Doi : 10.1016/j.jaad.2008.05.013 
Yan Pan, MBBS a, , Alex J. Chamberlain, FACD a, Michael Bailey, PhD b, Alvin H. Chong, FACD c, Martin Haskett, FACD a, John W. Kelly, FACD a
a Victorian Melanoma Service, The Alfred, Victoria, Australia 
b Department of Epidemiology and Preventive Medicine, Monash University, Victoria, Australia 
c Department of Dermatology, St Vincent’s Hospital Melbourne, The University of Melbourne, Victoria, Australia 

Reprint requests: Yan Pan, MBBS, Victorian Melanoma Service, The Alfred, Commercial Road, Melbourne, Victoria, 3004, Australia.

Abstract

Background

Intraepidermal carcinoma (IEC), superficial basal cell carcinoma (sBCC), and psoriasis are common entities that may all present as well-defined, brightly erythematous plaques. Currently, there are limited data on the dermatoscopic features that differentiate these diagnoses.

Objective

We sought to describe the most significant morphologic findings seen on dermatoscopy of IEC, sBCC, and psoriasis, and formulate a diagnostic model based on these features.

Method

We conducted a retrospective observational study using macrophotography and dermatoscopy to evaluate the presence or absence of dermatoscopic features and formulated diagnostic models for each diagnosis. A convenient sample of 300 lesions was collected from 255 patients from two hospital dermatology clinics and 4 private dermatology practices. These comprised 150 cases of sBCC, 100 cases of psoriasis, and 50 cases of IEC.

Results

The most significant dermatoscopic features of IEC were a clustered vascular pattern, glomerular vessels, and hyperkeratosis. When all 3 features were observed together, the diagnostic probability for IEC was 98%. sBCCs were characterized by a scattered vascular pattern, arborizing microvessels, telangiectatic or atypical vessels, milky-pink background, and brown dots/globules; the diagnostic probability was 99% if 4 of these 6 features were identified. For psoriasis, the significant features identified were a homogenous vascular pattern, red dots, and light-red background, yielding a diagnostic probability of 99% if all 3 features were present.

Limitations

Lack of evaluation of interobserver/intraobserver reproducibility is a limitation.

Conclusion

Dermatoscopy is valuable in the diagnosis and differentiation of IEC, sBCC, and psoriasis because of consistent dermatoscopic morphology.

Le texte complet de cet article est disponible en PDF.

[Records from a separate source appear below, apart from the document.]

Lemma Pi'_elem (f : Tm' (Nat.max l1 l2) G) (e : tp' f = Pi') p :
  exists phi, TrackedSection (dom p) (cod p) phi /\ tmf f p = pi_class (dom p) phi.
Proof. pose proof (Tm'_mem _ _ f _ e p) as H. rewrite decode_Pi' in H. exact H. Qed.

Definition appf (f : Tm' (Nat.max l1 l2) G) (q : pts (ext' l1 G A)) : D -> Prop :=
  app_class (decode l2 (tyf B q)) (tmf f (fst (proj1_sig q))) (snd (proj1_sig q)).

Lemma appf_eq f q phi :
  TrackedSection (dom (fst (proj1_sig q))) (cod (fst (proj1_sig q))) phi ->
  tmf f (fst (proj1_sig q)) = pi_class (dom (fst (proj1_sig q))) phi ->
  appf f q = phi (snd (proj1_sig q)).
Proof.
  intros o E. unfold appf. rewrite E. destruct q as [[p x] m]. cbn [fst snd proj1_sig] in *.
  rewrite <- (cod_eq p x m). eapply app_class_pi; eauto.
  - apply Modest_dom.
  - apply Modest_cod.
Qed.

Lemma app_TmP f (e : tp' f = Pi') : TmP l2 (ext' l1 G A) B (appf f).
Proof.
  split.
  - intros [[p x] m]. destruct (Pi'_elem f e p) as [phi [o E]].
    rewrite (appf_eq f (exist _ (p, x) m) phi o E).
    pose proof (proj1 o x m) as H. rewrite (cod_eq p x m) in H. exact H.
  - intros j. destruct (Tm'_track _ _ f _ e j) as [ef Hf].
    exists (dAp (dComp ef dFst) dSnd). intros [[p x] m] d [r [s [-> [hr hs]]]]. cbn [fst snd proj1_sig] in *.
    destruct (Hf _ _ hr) as [w1 [hw1 rw1]].
    rewrite decode_Pi' in rw1. destruct rw1 as [phi [o [E tr]]].
    destruct (tr x s m hs) as [v [hv rv]]. exists v. split.
    + econstructor; [econstructor; [constructor|exact hw1]|constructor|exact hv].
    + rewrite (appf_eq f (exist _ (p, x) m) phi o E).
      rewrite (cod_eq p x m) in rv. exact rv.
Qed.

Definition app' (f : Tm' (Nat.max l1 l2) G) (e : tp' f = Pi') : Tm' l2 (ext' l1 G A) :=
  exist _ (B, appf f) (app_TmP f e).

End Codomain.

Section Lambda.
Context (t : Tm' l2 (ext' l1 G A)).

Definition lam_section p (x : D -> Prop) : D -> Prop :=
  match excluded_middle_informative (mem (dom p) x) with
  | left h => tmf t (exist _ (p, x) h)
  | right _ => fun _ => False end.

Lemma lam_section_eq p x (h : mem (dom p) x) : lam_section p x = tmf t (exist _ (p, x) h).
Proof.
  unfold lam_section. destruct (excluded_middle_informative _) as [h'|n]; [|contradiction].
  rewrite (proof_irrelevance _ h h'). reflexivity.
Qed.

Lemma lam_track j r p et :
  crel G j r p ->
  (forall q d, crel (ext' l1 G A) j d q -> exists v, ap et d v /\
      rlz (decode l2 (tyf (tp' t) q)) j v (tmf t q)) ->
  forall x s, mem (dom p) x -> rlz (dom p) j s x ->
    exists v, ap (dClo et r) s v /\ rlz (cod (tp' t) p x) j v (lam_section p x).
Proof.
  intros hr Ht x s m hs. destruct (Ht (exist _ (p, x) m) (dPair r s)) as [v [hv rv]].
  { exists r, s. auto. }
  exists v. split; [constructor; auto|].
  rewrite (cod_eq _ p x m), (lam_section_eq p x m). exact rv.
Qed.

Abbreviations used : BCC, IEC, sBCC


Plan


 Funding sources: None.
 Conflicts of interest: None declared.
 Presented at the 39th Annual Scientific Meeting, Australasian College of Dermatologists, Melbourne, Victoria, May 14-17, 2006, and First Congress of the International Dermoscopy Society, Naples, Italy, April 27-29, 2006.


© 2008  American Academy of Dermatology, Inc.. Publié par Elsevier Masson SAS. Tous droits réservés.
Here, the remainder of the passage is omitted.